Nova lei federal endurece penas por violência sexual contra crianças e adolescentes
Entrou em vigor a Lei nº 15.487/2026, que amplia punições para crimes sexuais contra menores e reforça o combate a práticas cometidas pela internet e com uso de inteligência artificial.
Nova lei federal aumenta penas por violência sexual contra crianças e mira crimes cometidos com uso de internet e IA.
Entrou em vigor nesta sexta-feira (7) a Lei nº 15.487/2026, que amplia as punições para crimes de violência sexual cometidos contra crianças e adolescentes, incluindo práticas realizadas por meio da internet e de recursos tecnológicos. A nova legislação estabelece pena de quatro a dez anos de reclusão para quem produzir ou registrar conteúdo relacionado à violência sexual contra menores, com possibilidade de agravamento em situações previstas em lei.

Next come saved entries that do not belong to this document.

Section ToPolyGCD.
Variables (R : idomainType) (S : {pred R}).
Hypotheses (semiS : semidomain S) (oppS : is_subring_domain S).
Hypothesis S_gcd : GCD_semidomain S.

Lemma subring_domain_closed : subring_closed S.
Proof.
case: semiS => S0 S1 SD SM; split=> // x y xS yS.
by rewrite SD ?oppS.
Qed.

#[local] HB.instance Definition _ :=
  GRing.isSubringClosed.Build R S subring_domain_closed.

Lemma polyOver_coef (p : {poly R}) i : p \is a polyOver S -> p`_i \in S.
Proof. by move/polyOverP. Qed.

Definition dvdS (a b : R) := exists2 c, c \in S & b = a * c.

Lemma dvdS_refl a : dvdS a a. Proof. by exists 1; rewrite ?rpred1 ?mulr1. Qed.
Lemma dvdS0 a : dvdS a 0. Proof. by exists 0; rewrite ?rpred0 ?mulr0. Qed.
Lemma dvd0S b : dvdS 0 b -> b = 0. Proof. by case=> c _ ->; rewrite mul0r. Qed.

Lemma dvdS_trans b a c : dvdS a b -> dvdS b c -> dvdS a c.
Proof. by case=> x xS -> [y yS ->]; exists (x * y); rewrite ?rpredM ?mulrA. Qed.

Lemma dvdS_mul a b c d : dvdS a b -> dvdS c d -> dvdS (a * c) (b * d).
Proof. by case=> x xS -> [y yS ->]; exists (x * y); rewrite ?rpredM // mulrACA. Qed.

Lemma dvdS_mulr a b c : c \in S -> dvdS a b -> dvdS a (b * c).
Proof. by move=> cS [x xS ->]; exists (x * c); rewrite ?rpredM ?mulrA. Qed.

Lemma dvdS_mull a b c : c \in S -> dvdS a b -> dvdS a (c * b).
Proof. by move=> cS; rewrite mulrC; apply: dvdS_mulr. Qed.
(* Let $\mathcal M_{A,B,\partial_0}$ be an $M$-pair. The partitions $B=P\sqcup Q\sqcup R$ and $A\setminus B=X\sqcup Y\sqcup Z$, the bijections $Q\to R$ and $Y\to Z$, the subset $H=H(\partial_0)\subset P$, and the injection $h_+:H\to X$ (which is well defined) depend only on the $(A,B)$-equivalence class of $\partial_0$; i.e. they are invariants of the $M$-pair up to isomorphism.
   Context: $\mathbb E$ is a field; $A=\{a_1\prec\dots\prec a_N\}$ a finite linearly ordered graded set, $\mathbb E(A)$ the graded vector space with basis $A$. An $M$-differential: degree $-1$, $\partial^2=0$, $\partial(a_i)\in\mathrm{span}\{a_1,\dots,a_{i-1}\}$; for $B\subset A$ with $\partial\mathbb E(B)\subset\mathbb E(B)$ it is an $M_{A,B}$-differential and $\mathcal M_{A,B,\partial}$ an $M$-pair; $\partial_B$ is the restriction to $\mathbb E(B)$ and $\partial_{A\setminus B}$ the induced differential on $\mathbb E(A)/\mathbb E(B)\cong\mathbb E(A\setminus B)$. $(A,B)$-equivalence: conjugation by a graded automorphism preserving each $\mathrm{span}\{a_1,\dots,a_i\}$ and $\mathbb E(B)$. Elementary $M$-differential: each basis element goes to $0$ or to one basis element, no two basis elements to the same one. Every $M_{A,B}$-differential $\partial_0$ is $(A,B)$-equivalent to some $\partial$ with $\partial_B$, $\partial_{A\setminus B}$ elementary; for such $\partial$: $Q=\{b\in B:\partial_B b\ne0\}$, $R=\partial_B(Q)$, $P=B\setminus(Q\cup R)$, with bijection $\partial_B:Q\to R$; $Y=\{a\in A\setminus B:\partial_{A\setminus B}a\ne0\}$, $Z=\partial_{A\setminus B}(Y)$, $X$ the rest, with bijection $\partial_{A\setminus B}:Y\to Z$. Quasi-elementary: $\partial_B,\partial_{A\setminus B}$ elementary, each $\partial(x)$ ($x\in X$) contains (has nonzero coefficient on) at most one element of $P$, with coefficient $1$, and each element of $P$ appears in at most one $\partial(x)$, $x\in X$; every $M_{A,B}$-differential is $(A,B)$-equivalent to a quasi-elementary one. $H(\partial_0)$ is the set of $\partial_0$-boundary homologically essential elements: with $B=\{b_1\prec\dots\prec b_K\}$, $I_k=\iota_*H_*(\mathbb E(\{b_1,\dots,b_k\}),\partial_B)\cap\partial_*H_*(\mathbb E(A),\mathbb E(B),\partial_0)\subset H_*(\mathbb E(B),\partial_B)$ ($\iota_*$ induced by inclusion, $\partial_*$ the connecting homomorphism), $I_0=0$, and $b_k\in H(\partial_0)$ iff $I_k\ne I_{k-1}$. The map $h_+:H\to X$ sends $b$ to the element $x\in X$ such that $\partial'(x)$ contains $b$, where $\partial'$ is a quasi-elementary differential $(A,B)$-equivalent to $\partial_0$. *)

From HB Require Import structures.
From mathcomp Require Import all_boot all_order all_algebra.
Set Implicit Arguments. Unset Strict Implicit. Unset Printing Implicit Defensive.
Import GRing.Theory.
Local Open Scope ring_scope.

(* A = {a_1 < ... < a_N} is modelled by 'I_N with its natural order;
   deg : 'I_N -> int is the grading; B : {set 'I_N}.
   Vectors of E(A) are row vectors 'rV[E]_N (coordinates in the basis A);
   an endomorphism is a matrix D : 'M[E]_N acting on the right, v |-> v *m D,
   so row i of D is the image of a_i and  D i j  is the coefficient of a_j
   in the image of a_i. *)

Section Defs.
Variables (E : fieldType) (N : nat).
Implicit Types (deg : 'I_N -> int) (B S : {set 'I_N}) (D : 'M[E]_N).

Definition MAB_diff deg B D : Prop :=
  [/\ (forall i j, D i j != 0 -> deg j = deg i - 1),
      D *m D = 0,
      (forall i j, D i j != 0 -> (j < i)%N) &
      (forall i j, i \in B -> D i j != 0 -> j \in B)].

(* (A,B)-equivalence: conjugation by a graded automorphism g preserving each
   span{a_1..a_i} and E(B). *)
Definition AB_equiv deg B D D' : Prop :=
  exists g : 'M[E]_N,
    [/\ g \in unitmx,
        (forall i j, g i j != 0 -> (j <= i)%N),
        (forall i j, g i j != 0 -> deg j = deg i),
        (forall i j, i \in B -> g i j != 0 -> j \in B) &
        D' = invmx g *m D *m g].

(* The matrix D, restricted/induced on the span of S (S = B gives partial_B,
   S = A \ B gives the induced differential on E(A)/E(B) = E(A \ B)),
   is elementary: each basis element goes to 0 or to exactly one basis
   element, and no two basis elements go to the same one. *)
Definition elem_on S D : Prop :=
  (forall i, i \in S ->
     (forall j, j \in S -> D i j = 0) \/
     (exists j, [/\ j \in S, D i j = 1 & (forall k, k \in S -> k != j -> D i k = 0)]))
  /\ (forall i i' j, i \in S -> i' \in S -> j \in S ->
        D i j != 0 -> D i' j != 0 -> i = i').

Definition elem_restr B D : Prop := elem_on B D /\ elem_on (~: B) D.

Definition Qset B D := [set i in B | [exists j in B, D i j != 0]].
Definition Rset B D := [set j in B | [exists i in B, D i j != 0]].
Definition Pset B D := B :\: (Qset B D :|: Rset B D).
Definition Yset B D := [set i in ~: B | [exists j in ~: B, D i j != 0]].
Definition Zset B D := [set j in ~: B | [exists i in ~: B, D i j != 0]].
Definition Xset B D := (~: B) :\: (Yset B D :|: Zset B D).

Definition bijQR B D (q r : 'I_N) : bool := [&& q \in B, r \in B & D q r != 0].
Definition bijYZ B D (y z : 'I_N) : bool := [&& y \notin B, z \notin B & D y z != 0].

Definition quasi_elem B D : Prop :=
  [/\ elem_restr B D,
      (forall x p, x \in Xset B D -> p \in Pset B D -> D x p != 0 -> D x p = 1),
      (forall x p p', x \in Xset B D -> p \in Pset B D -> p' \in Pset B D ->
          D x p != 0 -> D x p' != 0 -> p = p') &
      (forall x x' p, x \in Xset B D -> x' \in Xset B D -> p \in Pset B D ->
          D x p != 0 -> D x' p != 0 -> x = x')].

(* Homology.  Subspaces are row spaces of matrices (mxalgebra).
   EB S = E(S) (span of the basis elements in S). *)
Definition EB S : 'M[E]_N := \matrix_(i, j) ((i == j) && (i \in S))%:R.

(* A subspace of H_*(E(B), partial_B) = Zc/Bd is represented by its preimage in
   the cycle space Zc (a subspace of E(B) containing Bd).
   - cycles Zc = ker D :&: E(B), boundaries Bd = image of E(B) under D;
   - iota_* H(E(S)) (S subset B) has preimage (ker D :&: E(S)) + Bd;
   - the image of the connecting map d_* : H(E(A),E(B)) -> H(E(B)) has
     preimage { D c | c in E(A), D c in E(B) } = im D :&: E(B).
   Preimage of an intersection = intersection of preimages. *)
Definition Ipre B D S : 'M[E]_N :=
  (((kermx D :&: EB S) + EB B *m D) :&: (D :&: EB B))%MS.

Segundo o Diário da Amazônia, a norma aumenta o rigor contra criminosos que utilizam recursos digitais para praticar ou facilitar o aliciamento de crianças e adolescentes. Ferramentas como inteligência artificial, imagens manipuladas, perfis falsos e ambientes virtuais passam a ser consideradas no enfrentamento desses crimes.
A legislação altera dispositivos do Estatuto da Criança e do Adolescente (ECA), do Código Penal, do Código de Processo Penal e da Lei dos Crimes Hediondos. O texto também substitui a expressão "pornografia infantil" por "conteúdo de violência sexual". Além disso, reforça os mecanismos de investigação e de proteção às vítimas.
Com as novas regras, o combate à violência sexual contra crianças e adolescentes passa a contar com punições mais severas e instrumentos específicos para situações envolvendo o ambiente digital e tecnologias de inteligência artificial.
A lei vale em todo o país, incluindo Rondônia, e dá às polícias e ao Ministério Público de Porto Velho mais instrumentos para investigar e responsabilizar crimes sexuais praticados pela internet contra crianças e adolescentes.